The CIO focus on business intelligence (BI) and analytics looks set to
continue through 2017, according to Gartner.
Gartner said that
the
benefits of fact-based decision-making are clear to business managers
in a broad range of disciplines, including: marketing, sales, supply
chain management, manufacturing,
engineering, risk management, finance and HR.
"Major
changes are imminent to the world of BI and analytics including the
dominance of data discovery techniques, wider
use of real-time streaming event data and the eventual acceleration in
BI and analytics spending when big data finally matures," said Roy
Schulte, vice president and distinguished analyst at Gartner. "As the
cost of acquiring, storing and managing data continues
to fall, companies are finding it practical to apply BI and analytics
in a far wider range of situations."
Gartner outlined four key predictions for BI and analytics:
By 2015, the majority of BI vendors will make data discovery their prime BI platform offering, shifting BI emphasis
from reporting-centric to analysis-centric.
Over
the past several years, the BI platform market has grown largely
through companies investing in IT-led consolidation
projects to standardize IT-centric BI platforms for large-scale systems
of record. These have tended to be highly governed and centralized,
where IT production reports were pushed out to managers and knowledge
workers. Gartner predicts that going forward,
companies will shift their future investment away from IT-developed
reporting solutions toward business-user-led analysis solutions. IT will
focus most of its effort on data modeling and governance. As a result,
data discovery will displace IT-authored static
reporting as the dominant BI and analytics user interaction paradigm
for new implementations by 2015.
While
IT authored, system-of-record reporting will not disappear, it will
become a smaller proportion of overall analytics
use. Only 30 percent of business people have direct access to BI and
analytics today only, but this will grow as a result of the shift to
data discovery.
"BI
leaders should scrutinize the road maps of both data discovery and
IT-centric vendors to determine their suitability
to meet growing business user and enterprise requirements," said Mr.
Schulte. "It's important to acknowledge that one size rarely fits all."
By 2017, more than 50 percent of analytics implementations will make use of event data streams generated from instrumented
machines, applications and/or individuals.
As
enterprises continue to recognize the economic value of information,
and see the opportunity to capture and apply
ever greater volumes of detailed data, they will come to expect access
to analytics technologies capable of making sense from event streams.

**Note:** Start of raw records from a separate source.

Lemma Mod_pseudo_variety (Phi : Ineq M -> Prop) : pseudo_variety (Mod Phi).
Proof.
  split; [intros A [FA _]; exact FA|].
  split; [apply Mod_closed_quotients|].
  split; [apply Mod_closed_fin_subproducts|apply Mod_closed_accumulation].
Qed.

Definition valid_ineq (V : Alg M -> Prop) (e : Ineq M) : Prop :=
  forall B (HB : finitary B), V B -> satisfies HB e.

Lemma joint_image_in_V (V : Alg M -> Prop) (Hfin : forall A, V A -> finitary A)
  (Hsp : closed_fin_subproducts V) (X : FinSorted Xi) (I : Type) (enumI : list I)
  (HI : forall i, In i enumI) (B : I -> Alg M) (beta : forall i, FreeHom X (B i)) :
  (forall i, V (B i)) -> V (ImgAlg X B beta).
Proof.
  intros HV.
  apply (Hsp I enumI HI B HV _ (img_finitary X I B beta enumI HI (fun i => Hfin _ (HV i)))
           (img_proj_hom X B beta)).
  intros x c c' H. exact H.
Qed.

Lemma ultralimit_term (X : FinSorted Xi) (y : Xi) (T : Type) (U : (T -> Prop) -> Prop)
  (UU : filter.UltraFilter U) (pr : T -> MO M (DX X) y) :
  exists t : hatM M X y,
    forall B (HB : finitary B) (b : FreeHom X B), U (fun p => b y (pr p) = val t HB b).
Proof.
  pose (lim := fun B (HB : finitary B) (b : FreeHom X B) =>
    constructive_indefinite_description _
      (ultralimit_exists T U UU (B y) (fun p => b y (pr p)) (proj1 HB y))).
  assert (compat : forall (A B : Alg M) (HA : finitary A) (HB : finitary B)
                     (phi : AlgHom A B) (b : FreeHom X A),
             phi y (proj1_sig (lim A HA b)) = proj1_sig (lim B HB (compFree phi b))).
  { intros A B HA HB phi b.
    apply (ultralimit_unique T U UU _ (fun p => compFree phi b y (pr p))).
    - apply (filter.filterS (P := fun p => b y (pr p) = proj1_sig (lim A HA b)));
        [|exact (proj2_sig (lim A HA b))].
      intros p Hp. simpl. rewrite Hp. reflexivity.
    - exact (proj2_sig (lim B HB (compFree phi b))). }
  exists (exist _ (fun B HB b => proj1_sig (lim B HB b)) compat).
  intros B HB b. exact (proj2_sig (lim B HB b)).
Qed.

Lemma unseparated_by_joint_images (V : Alg M -> Prop) (Hfin : forall A, V A -> finitary A)
  (Hsp : closed_fin_subproducts V) (X : FinSorted Xi) (y : Xi)
  (P0 : MO M (DX X) y * MO M (DX X) y -> Prop) :
  (forall j : {B : Alg M & FreeHom X B}, V (projT1 j) ->
     exists p, P0 p /\ le Xi (projT1 j) y (projT2 j y (fst p)) (projT2 j y (snd p))) ->
  forall L : list {B : Alg M & FreeHom X B}, (forall j, In j L -> V (projT1 j)) ->
    exists p, P0 p /\
      forall j, In j L -> le Xi (projT1 j) y (projT2 j y (fst p)) (projT2 j y (snd p)).
Proof.
  intros Hunsep L VL.
  destruct (list_sig_complete _ (fun j => In j L) L (fun j H => H)) as [enum Henum].
  pose (Bj := fun j : {j | In j L} => projT1 (proj1_sig j)).
  pose (bj := fun j : {j | In j L} => projT2 (proj1_sig j) : FreeHom X (Bj j)).
  destruct (Hunsep (existT _ (ImgAlg X Bj bj) (img_free X Bj bj))
              (joint_image_in_V V Hfin Hsp X _ enum Henum Bj bj (fun j => VL _ (proj2_sig j))))
    as [p [Hp Hle]].
  exists p. split; [exact Hp|]. intros j Hj.
  pose proof (Hle (exist _ j Hj)) as Hl. simpl in Hl. rewrite !img_proj_class in Hl. exact Hl.
Qed.
Lemma reaches_unary_output x0 L0 (Pre : seq nat) b :
  {in Pre, forall x, (x != 0) && (x != 3)} ->
  reaches (cfg (d + out_st K 0) (x0 :: L0) (Pre ++ 11 :: nseq b 9))
          (cfg (d + out_st K 2) L0 (x0 :: nseq (size Pre) 2 ++ 3 :: nseq b 2 ++ [:: 0]))
          (2 * size Pre + 2 * b + 3).
Proof.
move=> hP; set Reg := Pre ++ 11 :: nseq b 9.
have r1 := @sweep_right halt tr (d + out_st K 0) id Reg (x0 :: L0) [::] (on 0).
rewrite map_id cats0 /Reg rev_cat rev_cons rev_nseq -cats1 -!catA /= in r1.
have r2 := @sweep_left halt tr _ 0 0 (d + out_st K 1) (fun=> 2) (nseq b 9)
             (11 :: rev Pre ++ x0 :: L0) [::] (on 0) (on 1) (to 0 0).
rewrite map_nseq rev_nseq size_nseq in r2.
have r3 := @sweep_left halt tr _ 11 3 (d + out_st K 2) (fun=> 2) (rev Pre) (x0 :: L0)
             (nseq b 2 ++ [:: 0]) (on 1) (on 2) (to 1 11).
have e : rev (map (fun=> 2) (rev Pre)) = nseq (size Pre) 2.
  by rewrite map_rev revK; elim: (Pre) => //= y s ->.
rewrite e size_rev in r3.
apply: reaches_le (reaches_trans (r1 _) (reaches_trans (r2 _) (r3 _))).
- by rewrite /Reg size_cat /= size_nseq; lia.
- move=> x; rewrite /Reg mem_cat in_cons => /or3P[/hP /andP[/negbTE hx _]|/eqP ->|/nseqP[-> _]].
  + by rewrite (to 0 x) /= hx.
  + by rewrite (to 0 11).
  + by rewrite (to 0 9).
- by move=> x /nseqP[-> _]; rewrite (to 1 9).
- by move=> x; rewrite mem_rev => /hP /andP[/negbTE h0 /negbTE h3]; rewrite (to 2 x) /= h3 h0.
Qed.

This goes beyond traditional and mainstream BI to a breed of
technologies capable of producing autonomous insights
and inferences quickly.
To
produce and harvest this data from physical assets and other event
sources, the market will expand for flexible, multipurpose
sensors for temperature, humidity, vibration, pressure, sound,
light/color, electrical or other utility flows, motion, facial
expressions, voice inflection, health monitoring and other systems.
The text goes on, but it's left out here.